Overview
There is lots of paper maps that have useful information. Users should be able to upload non-georeferenced scanned images and rubbersheet them (place control points to correlate the data) so they are real data layers. These can then be used in maps by other GeoNode users.
Use Cases
1) Municipalities in Guatemala have only recently upgraded to modern GIS solutions with digital maps. There are lots of valuable historical cadastral maps with useful information, including building level details that could be quite useful to improve an exposure database. This tool would allow municipal employees to scan a useful map, upload it to their local GeoNode, and then use it as an overlay on their other layers. This could also be used as a basis for digitizing buildings, tracing the vectors, or using information on the map to fill out attributes. See the roadmap items on creating a new data layer, editing, and versioning.
2) The New York City Department of Transportation still uses a paper map form to keep their database of signs up to date. There are ideas to replace that with a mobile tool to gather up the information and input it directly. But switching over directly wouldn’t allow the new system to integrate with the old. Using the rubber sheeting tool a team could go through all the existing forms, scan them, and stitch them together in a layer so someone using the new tools can always see the old, already georeferenced for their purposes.
Specification

After uploading an image it appears as a raster layer in the layer tree and kicks into the georeferencing workflow or the user can initiate the process from the layer tree context menu to change previously rectified imagery. In either case, initiating the georeferencing workflow causes the layer pane to collapse and the image pane to appear/expand (preferably with drawer animations), presenting the user with a side-by-side view of the map and the image. Control points are added in pairs and populate the table beneath the image. Points can also be added manually via the table.
The multi-stage process should be made fairly explicit, with the lower portion of the image pane prompting the user to
Place control points on the reference map and target image. Place at least three points and try to have a number of points around the outer edges of the target image.
with a ‘Cancel’ and ‘Next’ option at the bottom. Clicking next or placing a first control point moves the workflow forward by displaying the Control Points table displayed above, with ‘Cancel’, ‘Preview’, and ‘Done’ as options.
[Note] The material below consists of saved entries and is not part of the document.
(* Let $P$ be a poset on $[n]=\{1,\dots,n\}$ whose labeling is natural (the identity permutation $e$ is a linear extension), and let $x_1,\dots,x_n$ be strictly positive reals. Let $M$ be the transition matrix of the promotion graph of $P$. Define, for $\pi\in\mathcal{L}(P)$, $$w(\pi)=\prod_{i=1}^{n}\frac{x_1+\cdots+x_i}{x_{\pi_1}+\cdots+x_{\pi_i}}.$$ Then $w$ is the stationary state of the promotion graph Markov chain normalized by $w(e)=1$, i.e. $\sum_{\pi\in\mathcal{L}(P)}M(\pi',\pi)\,w(\pi)=0$ for every $\pi'\in\mathcal{L}(P)$.
   Context: Linear extensions: $\mathcal{L}(P)=\{\pi\in S_n : i\prec j \text{ in } P \Rightarrow \pi^{-1}_i<\pi^{-1}_j\}$, written in one-line notation $\pi=\pi_1\cdots\pi_n$ (so $i\prec j$ means $i$ appears before $j$). For $1\le i<n$, the operator $\tau_i$ acts on the right on $\mathcal{L}(P)$: $\pi\tau_i$ is obtained from $\pi$ by swapping $\pi_i$ and $\pi_{i+1}$ if they are incomparable in $P$, and $\pi\tau_i=\pi$ otherwise. Operators compose as right actions: $\pi(\sigma\tau)=(\pi\sigma)\tau$. The extended promotion operators are $\partial_j=\tau_j\tau_{j+1}\cdots\tau_{n-1}$ for $1\le j\le n$ ($\partial_n$ is the identity). Promotion graph: vertex set $\mathcal{L}(P)$, and for each $\pi\in\mathcal{L}(P)$ and $j\in[n]$ a directed edge $\pi\to\pi\partial_j$ of weight $x_{\pi_j}$. Transition matrix $M$ (rows and columns indexed by $\mathcal{L}(P)$): for $\pi'\neq\pi$, $M(\pi',\pi)$ is the sum of the weights of edges $\pi\to\pi'$; $M(\pi,\pi)$ is minus the sum of weights of all edges $\pi\to\pi'$ with $\pi'\ne\pi$ (loops are not counted). *)

(* Conventions: elements and positions are 0-indexed,
   i.e. [n] = {1..n} is rendered as 'I_n = {0..n-1}. *)
From HB Require Import structures.
From mathcomp Require Import all_boot all_order all_algebra all_fingroup.
Set Implicit Arguments. Unset Strict Implicit. Unset Printing Implicit Defensive.
Import GRing.Theory Num.Theory.
Local Open Scope ring_scope.

Definition is_poset (n : nat) (le : rel 'I_n) : Prop :=
  [/\ reflexive le, antisymmetric le & transitive le].

Definition prec (n : nat) (le : rel 'I_n) (i j : 'I_n) : bool := (i != j) && le i j.

Definition comparable (n : nat) (le : rel 'I_n) (i j : 'I_n) : bool := le i j || le j i.

(* One-line notation: pi : 'S_n, pi k = the element in position k;
   (pi^-1) i = position of element i. *)
Definition is_linext (n : nat) (le : rel 'I_n) (pi : 'S_n) : bool :=
  [forall i, forall j, prec le i j ==> ((pi^-1)%g i < (pi^-1)%g j)%N].

Definition natural_labeling (n : nat) (le : rel 'I_n) : bool := is_linext le 1%g.

(* tau_k (0-indexed position k, swaps positions k and k+1):
   (tperm a b * pi) x = pi (tperm a b x). *)
Definition tau (n : nat) (le : rel 'I_n) (k : nat) (pi : 'S_n) : 'S_n :=
  match (insub k : option 'I_n), (insub k.+1 : option 'I_n) with
  | Some a, Some b => if comparable le (pi a) (pi b) then pi else (tperm a b * pi)%g
  | _, _ => pi
  end.

(* extended promotion  pi d_j = pi tau_j tau_{j+1} ... tau_{n-2} (0-indexed),
   right action: tau_j applied first. d_{n-1} is the identity. *)
Definition promo (n : nat) (le : rel 'I_n) (j : nat) (pi : 'S_n) : 'S_n :=
  foldl (fun p k => tau le k p) pi (iota j (n.-1 - j)).

Definition trans_mx (R : nzRingType) (n : nat) (le : rel 'I_n) (x : 'I_n -> R)
  (pi' pi : 'S_n) : R :=
  if pi' != pi then \sum_(j < n | promo le j pi == pi') x (pi j)
  else - \sum_(j < n | promo le j pi != pi) x (pi j).

Definition wt (R : fieldType) (n : nat) (x : 'I_n -> R) (pi : 'S_n) : R :=
  \prod_(i < n) ((\sum_(k < n | (k <= i)%N) x k) / (\sum_(k < n | (k <= i)%N) x (pi k))).

From Pilot Require Import Defs.
From HB Require Import structures.
From mathcomp Require Import all_boot all_order all_algebra all_fingroup.
From mathcomp Require Import zify ring.
Import GRing.Theory Num.Theory.
Local Open Scope ring_scope.

(* Each tau_k is an involution preserving linear extensions, so the extended
   promotion d_j is a bijection of L(P) whose inverse rho_j applies the same
   taus in reverse order.  Hence the inflow into pi' is
   sum_j x_{(pi' rho_j)_j} w(pi' rho_j).  Write u_i, t_i for the i-th prefix
   sums of x along pi' and along pi' rho_{i-1}.  Since rho_j only moves
   positions >= j, w(pi' rho_j) has denominator prod_{i<j} u_{i+1} prod_{i>=j}
   t_{i+1}, while x_{(pi' rho_j)_j} = t_{j+1} - u_j, and the inflow telescopes
   to u_n w(pi') = (sum_j x_{pi'_j}) w(pi'), which is the outflow.  No property
   of the relation is used. *)

Lemma val_tperm_adj {n} {a b : 'I_n} (m : 'I_n) {k} : val a = k -> val b = k.+1 ->
  val (tperm a b m) = if val m == k then k.+1 else if val m == k.+1 then k else val m.
Proof.
move=> va vb; case: tpermP => [->|->|/eqP Ha /eqP Hb].
- by rewrite va vb eqxx.
- by rewrite vb va eqxx (_ : (k.+1 == k) = false) //; lia.
- by rewrite -vb -va !(inj_eq val_inj) (negbTE Ha) (negbTE Hb).
Qed.

Lemma telescope_mixed_prod (R : fieldType) (m : nat) (u t : nat -> R) :
  (forall i, (i < m)%N -> u i.+1 != 0 /\ t i.+1 != 0) -> u 0%N = 0 ->
  \sum_(j < m) (t j.+1 - u j) / \prod_(i < m) (if (i < j)%N then u i.+1 else t i.+1)
  = u m / \prod_(i < m) u i.+1.
Proof.
move=> ut_neq0 u0.
pose Q j := \prod_(i < m) (if (i < j)%N then u i.+1 else t i.+1).
have Q_neq0 j : Q j != 0.
  by apply/prodf_neq0 => i _; have [? ?] := ut_neq0 i (ltn_ord i); case: ifP.
have step j : (j < m)%N -> (t j.+1 - u j) / Q j = u j.+1 / Q j.+1 - u j / Q j.
  move=> lt_jm; have [u_neq0 t_neq0] := ut_neq0 j lt_jm.
  pose Z := \prod_(i < m | i != Ordinal lt_jm) (if (i < j)%N then u i.+1 else t i.+1).
  have QjE : Q j = t j.+1 * Z by rewrite /Q (bigD1 (Ordinal lt_jm)) //= ltnn.
  have QSjE : Q j.+1 = u j.+1 * Z.
    rewrite /Q (bigD1 (Ordinal lt_jm)) //= ltnSn; congr (_ * _).
    apply: eq_bigr => i ij.
    by rewrite ltnS leq_eqVlt (_ : (i == j :> nat) = false) //; apply: negbTE.
  have Z_neq0 : Z != 0 by move: (Q_neq0 j); rewrite QjE mulf_eq0 negb_or => /andP [].
  by rewrite QSjE QjE; field; rewrite Z_neq0 u_neq0 t_neq0.
rewrite -(big_mkord xpredT (fun j => (t j.+1 - u j) / Q j)).
rewrite (@telescope_sumr_eq _ 0 m (fun j => u j / Q j)) //.
rewrite u0 mul0r subr0; congr (_ / _).
by apply: eq_bigr => i _; rewrite ltn_ord.
Qed.

Section Promotion.
Variables (n : nat) (le : rel 'I_n).

Lemma tauP k (p : 'S_n) : tau le k p = p \/
  exists a b : 'I_n, [/\ val a = k, val b = k.+1,
     ~~ Defs.comparable le (p a) (p b) & tau le k p = (tperm a b * p)%g].
Proof.
rewrite /tau; case: (insubP 'I_n k) => [a _ va|_];
  case: (insubP 'I_n k.+1) => [b _ vb|_] //=; try by left.
by case: ifP => Hc; [left | right; exists a, b; rewrite Hc].
Qed.

Lemma tauK k : involutive (tau le k).
Proof.
move=> p; rewrite /tau; case: (insubP 'I_n k) => [a _ _|_];
  case: (insubP 'I_n k.+1) => [b _ _|_] //=.
case Hc: (Defs.comparable le (p a) (p b)); first by rewrite Hc.
rewrite !permM tpermL tpermR /Defs.comparable orbC.
by move: Hc; rewrite /Defs.comparable => ->; rewrite mulgA tperm2 mul1g.
Qed.

Lemma tperm_adj_lt {a b y z : 'I_n} {k} : val a = k -> val b = k.+1 ->
  (y < z)%N -> ~ (y = a /\ z = b) -> (tperm a b y < tperm a b z)%N.
Proof.
move=> va vb lt_yz yz_ab.
have {}yz_ab : ~ (val y = k /\ val z = k.+1).
  by move=> [Hy Hz]; apply: yz_ab; split; apply: val_inj; rewrite ?Hy ?Hz.
rewrite (val_tperm_adj y va vb) (val_tperm_adj z va vb).
by case: (val y =P k); case: (val z =P k); case: (val y =P k.+1);
  case: (val z =P k.+1); move: lt_yz yz_ab => /=; lia.
Qed.

Lemma tau_linext k (p : 'S_n) : is_linext le p -> is_linext le (tau le k p).
Proof.
case: (tauP k p) => [->//|[a [b [va vb inc_ab ->]]]] p_ext.
apply/forallP => i; apply/forallP => j; apply/implyP => ij.
have := forallP (forallP p_ext i) j; rewrite ij /= => lt_ij.
rewrite invMg !permM tpermV; apply: (tperm_adj_lt va vb lt_ij).
move=> [Hi Hj]; move: inc_ab; rewrite -Hi -Hj !permKV /Defs.comparable.
by move: ij; rewrite /prec => /andP [_ ->].
Qed.

Definition promo_inv j (p : 'S_n) : 'S_n :=
  foldr (tau le) p (iota j (n.-1 - j)).

Lemma promoK j : cancel (promo le j) (promo_inv j).
Proof.
rewrite /promo /promo_inv => p.
by elim: (iota _ _) p => //= k s IH p; rewrite IH tauK.
Qed.

Lemma promo_invK j : cancel (promo_inv j) (promo le j).
Proof.
rewrite /promo /promo_inv => p.
by elim: (iota _ _) => //= k s IH; rewrite tauK.
Qed.

Lemma promo_inv_linext j p : is_linext le p -> is_linext le (promo_inv j p).
Proof. by rewrite /promo_inv; elim: (iota _ _) => //= k s IH /IH/tau_linext. Qed.

Lemma sum_trans_mx (R : nzRingType) (x : 'I_n -> R) (f : 'S_n -> R) (s : 'S_n) :
  is_linext le s ->
  \sum_(p : 'S_n | is_linext le p) trans_mx le x s p * f p =
  \sum_(j < n) x (promo_inv j s j) * f (promo_inv j s)
  - (\sum_(j < n) x (s j)) * f s.
Proof.
move=> s_ext.
have trans_mxE p : trans_mx le x s p =
    \sum_(j < n | promo le j p == s) x (p j) - (p == s)%:R * \sum_(j < n) x (p j).
  rewrite /trans_mx; case: eqVneq => [->|_] /=; last by rewrite mul0r subr0.
  rewrite mul1r (bigID (fun j : 'I_n => promo le j p == p) predT) /=.
  by rewrite opprD addrA subrr sub0r.
under eq_bigr => p _ do rewrite trans_mxE mulrBl mulr_suml.
rewrite sumrB (exchange_big_dep predT) //= (bigD1 s) //= eqxx mul1r.
rewrite [X in _ - (_ + X)]big1 ?addr0; last first.
  by move=> p /andP [_ /negbTE ->]; rewrite !mul0r.
congr (_ - _); apply: eq_bigr => j _.
apply: (big_pred1 (promo_inv j s)) => p /=; apply/andP/eqP.
- by move=> [_ /eqP <-]; rewrite promoK.
- by move=> ->; rewrite promo_invK promo_inv_linext ?eqxx.
Qed.

Variables (R : realFieldType) (x : 'I_n -> R).

Definition pref (p : 'S_n) (s : nat) : R := \sum_(m < n | (m < s)%N) x (p m).

Lemma pref_tau k p s : s != k.+1 -> pref (tau le k p) s = pref p s.
Proof.
move=> s_neq; case: (tauP k p) => [->//|[a [b [va vb _ ->]]]].
rewrite /pref (reindex_inj (@perm_inj _ (tperm a b))) /=.
apply: eq_big => m; last by rewrite permM tpermK.
rewrite (val_tperm_adj m va vb) /=.
by case: (nat_of_ord m =P k) => ?; case: (nat_of_ord m =P k.+1) => ? /=;
  apply/idP/idP; move: s_neq; lia.
Qed.

Lemma pref_taus (ks : seq nat) p s : all (fun k => s != k.+1) ks ->
  pref (foldr (tau le) p ks) s = pref p s.
Proof. by elim: ks => //= k ks IH /andP [sk /IH <-]; rewrite pref_tau. Qed.

Lemma pref_promo_inv_le j s p : (s <= j)%N -> pref (promo_inv j p) s = pref p s.
Proof.
move=> le_sj; apply: pref_taus; apply/allP => k.
by rewrite mem_iota => /andP [? ?]; apply/eqP; lia.
Qed.

Lemma pref_promo_inv_gt j i p : (j <= i)%N -> (i < n)%N ->
  pref (promo_inv j p) i.+1 = pref (promo_inv i p) i.+1.
Proof.
move=> le_ji lt_in; rewrite /promo_inv.
have -> : (n.-1 - j = (i - j) + (n.-1 - i))%N by lia.
rewrite iotaD foldr_cat subnKC //; apply: pref_taus; apply/allP => k.
by rewrite mem_iota => /andP [? ?]; apply/eqP; lia.
Qed.

Lemma pref0 (p : 'S_n) : pref p 0 = 0.
Proof. by rewrite /pref big_pred0. Qed.

Lemma pref_full (p : 'S_n) : pref p n = \sum_(j < n) x (p j).
Proof. by apply: eq_bigl => m; rewrite ltn_ord. Qed.

Lemma x_prefS (p : 'S_n) (j : 'I_n) : x (p j) = pref p j.+1 - pref p j.
Proof.
rewrite /pref (bigD1 j) //= (eq_bigl (fun m : 'I_n => (m < j)%N)) ?addrK // => m /=.
by rewrite ltnS ltn_neqAle -(inj_eq val_inj) andbC.
Qed.

Lemma wtE p : wt x p = (\prod_(i < n) pref 1%g i.+1) / \prod_(i < n) pref p i.+1.
Proof.
rewrite /wt prodf_div; congr (_ / _); apply: eq_bigr => i _.
by apply: eq_big => [k|k _]; rewrite ?ltnS ?perm1.
Qed.

Hypothesis x_gt0 : forall i, 0 < x i.

Lemma prefS_neq0 p (i : 'I_n) : pref p i.+1 != 0.
Proof.
rewrite lt0r_neq0 // /pref (bigD1 (Ordinal (leq_ltn_trans (leq0n i) (ltn_ord i)))) //=.
by rewrite ltr_pwDl ?sumr_ge0 // => m _; apply: Order.POrderTheory.ltW.
Qed.

Lemma inflow_promo_inv s :
  \sum_(j < n) x (promo_inv j s j) * wt x (promo_inv j s) =
  (\sum_(j < n) x (s j)) * wt x s.
Proof.
pose u k := pref s k.
pose t k := pref (promo_inv k.-1 s) k.
pose C := \prod_(i < n) pref 1%g i.+1.
have termE (j : 'I_n) : x (promo_inv j s j) * wt x (promo_inv j s) =
    C * ((t j.+1 - u j) / \prod_(i < n) (if (i < j)%N then u i.+1 else t i.+1)).
  rewrite wtE -/C mulrCA mulrA [RHS]mulrA x_prefS (pref_promo_inv_le j j s (leqnn j)).
  congr (C * _ / _); apply: eq_bigr => i _.
  case: (ltnP i j) => [lt_ij|le_ji]; first exact: pref_promo_inv_le.
  exact: pref_promo_inv_gt.
under eq_bigr => j _ do rewrite termE.
rewrite -mulr_sumr telescope_mixed_prod; first last.
- exact: pref0.
- by move=> i lt_in; rewrite !(prefS_neq0 _ (Ordinal lt_in)).
by rewrite wtE -/C /u pref_full mulrCA mulrA.
Qed.

End Promotion.

Theorem theorem4p5 (R : realFieldType) (n : nat) (le : rel 'I_n) (x : 'I_n -> R) :
  is_poset le -> natural_labeling le -> (forall i, 0 < x i) ->
  wt x 1%g = 1 /\
  (forall pi' : 'S_n, is_linext le pi' ->
     \sum_(pi : 'S_n | is_linext le pi) trans_mx le x pi' pi * wt x pi = 0).
Proof.
move=> _ _ x_gt0; split.
  by rewrite wtE divff //; apply/prodf_neq0 => i _; apply: prefS_neq0.
move=> s s_ext.
by rewrite sum_trans_mx // inflow_promo_inv // subrr.
Qed.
If ‘Preview’ is clicked then the map, image, and control points are overlaid together in the map panel and the Control Points table is replaced by a user prompt reading
Review the georeferenced result.
with a ‘Go Back’ and ‘Done’ option at the bottom. Clicking on ‘Go Back’ or any control point returns to the Control Points table and highlights the appropriate row in the Control Point table.
Clicking Done closes the image pane altogether and removes the control points from the image and map. The user can return to the georeferencing options by selecting ‘Georeference’ from the context menu in the layer pane.

We could also expose various image options—cropping, rectification methods, and resampling methods.
See also the OpenGeo design proposal where this was mostly taken from, and the NYPL Map Rectifier.
Technical Details
(will link to feature specification and technical specification when they are complete)
There was work done on a Google Summer of Code project to get the core algorithms for this in GeoTools, see this email. If it’s not up to snuff then we could leverage GDAL. The rest is just GeoExt UI stuff and registering the resulting layer in GeoNode and in GeoServer for WMS/WFS access.